Pepscan’s CLIPS platform will be used to optimize Mercator’s homing peptides.

Mercator Therapeutics and Pepscan Therapeutics have entered a multiprogram research collaboration through which Mercator’s homing peptides will be optimized using Pepscan’s CLIPS technology.

The homing peptides are discovered through an in vivo screening process that includes screening in consenting end-stage cancer patients. These peptides have been demonstrated in vivo to bind to receptors that are highly expressed on human tumors and induce internalization of both the peptide and the receptor.

Pepscan’s CLIPS technology will be applied to improve the potency and stability of peptides by locking the peptides into the biologically active conformation. “Pepscan’s approach to peptide optimization is unique, systematic, fast, and efficient, and it provides Mercator with an opportunity to rapidly move its peptide-drug conjugates (PDCs) into development,” remarks Roy Lobb, D.Phil., chairman and CSO of Mercator.

Under the terms of the research and license agreement, Pepscan will license to Mercator the associated intellectual property rights.

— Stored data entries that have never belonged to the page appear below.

(* Fix $T>0$ and a continuous function $h$ on $[0,T]$ with $h(t)>0$. Assume that for every boundary function $s$ on $[0,T]$ the Fixed Boundary Neumann Problem with flux $h$ has a (classical) solution $U^s$. Let $\mathcal{R}$ be the Neumann boundary-update operator $$\mathcal{R}(s)(t)=\int_0^t h(z)\,dz-\int_0^{s(t)}U^s(x,t)\,dx,\qquad 0\le t\le T.$$ If $s_1,s_2$ are boundary functions with $s_1(t)\le s_2(t)$ for all $t\in[0,T]$, then $\mathcal{R}(s_1)(t)\ge \mathcal{R}(s_2)(t)$ for all $t\in[0,T]$.
   Context: A boundary function on $[0,T]$ is a function $s\in C([0,T])\cap C^1((0,T])$ with $s(0)=0$ and $s(t)>0$ for $t\in(0,T]$. For such $s$ let $Q_{s,T}=\{(x,t):0<x<s(t),\,0<t<T\}$. The Fixed Boundary Neumann Problem on $s$ with flux $h$ asks for $U\in C(\overline{Q_{s,T}})\cap C^{2,1}(Q_{s,T})$ with $U_x$ continuous on $\overline{Q_{s,T}}\setminus\{t=0\}$ such that $U_t=U_{xx}$ in $Q_{s,T}$, $U(0,0)=0$, $U(s(t),t)=0$ for $t\in[0,T]$, and $-U_x(0,t)=h(t)$ for $t\in(0,T]$. Its solution is denoted $U^s$. (For such solutions, $\mathcal{R}(s)(t)$ coincides with $-\int_0^t U^s_x(s(z),z)\,dz$.) *)

From Stdlib Require Import Reals.
From Coquelicot Require Import Coquelicot.
Open Scope R_scope.

Definition cont_within (D : R -> Prop) (f : R -> R) (x : R) : Prop :=
  filterlim f (within D (locally x)) (locally (f x)).

Definition cont2_within (D : R -> R -> Prop) (F : R -> R -> R) (x t : R) : Prop :=
  filterlim (fun p : R * R => F (fst p) (snd p))
    (within (fun p : R * R => D (fst p) (snd p)) (locally (x, t)))
    (locally (F x t)).

Definition has_deriv_within (D : R -> Prop) (f : R -> R) (x l : R) : Prop :=
  filterlim (fun y => (f y - f x) / (y - x))
    (within (fun y => D y /\ y <> x) (locally x)) (locally l).

Definition clI (T : R) (t : R) : Prop := 0 <= t <= T.
Definition ocI (T : R) (t : R) : Prop := 0 < t <= T.

Definition boundary_fun (T : R) (s : R -> R) : Prop :=
  (forall t, clI T t -> cont_within (clI T) s t) /\
  (exists s' : R -> R,
      (forall t, ocI T t -> has_deriv_within (ocI T) s t (s' t)) /\
      (forall t, ocI T t -> cont_within (ocI T) s' t)) /\
  s 0 = 0 /\
  (forall t, ocI T t -> 0 < s t).

Definition Qst (T : R) (s : R -> R) (x t : R) : Prop :=
  0 < x < s t /\ 0 < t < T.
Definition Qst_bar (T : R) (s : R -> R) (x t : R) : Prop :=
  0 <= x <= s t /\ 0 <= t <= T.
Definition Qst_bar_pos (T : R) (s : R -> R) (x t : R) : Prop :=
  0 <= x <= s t /\ 0 < t <= T.

Definition Dx (U : R -> R -> R) (x t : R) : R := Derive (fun y => U y t) x.
Definition Dt (U : R -> R -> R) (x t : R) : R := Derive (fun tau => U x tau) t.

(* Classical solution of the Fixed Boundary Neumann Problem on s with flux h.
   "U_x continuous on closure \ {t=0}" is read as: U_x (defined in Q) extends
   to a function Ux which is continuous on closure \ {t=0}; the Neumann
   condition refers to this extension. *)
Definition FBNP_sol (T : R) (s h : R -> R) (U : R -> R -> R) : Prop :=
  (forall x t, Qst_bar T s x t -> cont2_within (Qst_bar T s) U x t) /\
  (forall x t, Qst T s x t ->
     ex_derive (fun y => U y t) x /\
     ex_derive (fun y => Dx U y t) x /\
     ex_derive (fun tau => U x tau) t /\
     cont2_within (fun _ _ => True) (Dx U) x t /\
     cont2_within (fun _ _ => True) (Dx (Dx U)) x t /\
     cont2_within (fun _ _ => True) (Dt U) x t) /\
  (exists Ux : R -> R -> R,
     (forall x t, Qst T s x t -> Ux x t = Dx U x t) /\
     (forall x t, Qst_bar_pos T s x t -> cont2_within (Qst_bar_pos T s) Ux x t) /\
     (forall t, ocI T t -> - Ux 0 t = h t)) /\
  (forall x t, Qst T s x t -> Dt U x t = Dx (Dx U) x t) /\
  U 0 0 = 0 /\
  (forall t, clI T t -> U (s t) t = 0).

(* Neumann boundary-update operator, for a choice Usol s = U^s of solutions *)
Definition Rop (h : R -> R) (Usol : (R -> R) -> R -> R -> R) (s : R -> R) (t : R) : R :=
  RInt h 0 t - RInt (fun x => Usol s x t) 0 (s t).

Mercator will pay Pepscan research funding, milestones, and royalties in connection with the development of optimized homing peptides and the development and commercialization of PDC products that couple optimized homing peptides with tumor-killing payloads.

Mercator Therapeutics was founded to translate the research of Renata Pasqualini, Ph.D., and Wadih Arap, M.D., Ph.D., into effective cancer therapeutics. Drs. Pasqualini and Arap are using in vivo phage display to identify peptides that are believed to selectively deliver tumor-killing payloads without damaging surrounding tissue.

They are targeting drugs selectively to tumors by directly injecting peptide-expressing phage libraries in vivo—most recently in end-stage cancer patients under strict ethical guidelines—and identifying a suite of peptides responsible for tumor targeting.

Pepscan Therapeutics is a privately held company based in Lelystad, The Netherlands. Its CLIPS protein mimicking technology (chemical linkage of peptides onto scaffolds) presents one or more peptides in a structurally constrained configuration. These molecules behave as functional mimics of complex protein domains. Pepscan has used this platform to develop anti-GPCR mAb products and has various collaborations with pharmaceutical and biotech companies to develop therapeutics based on the CLIPS technology.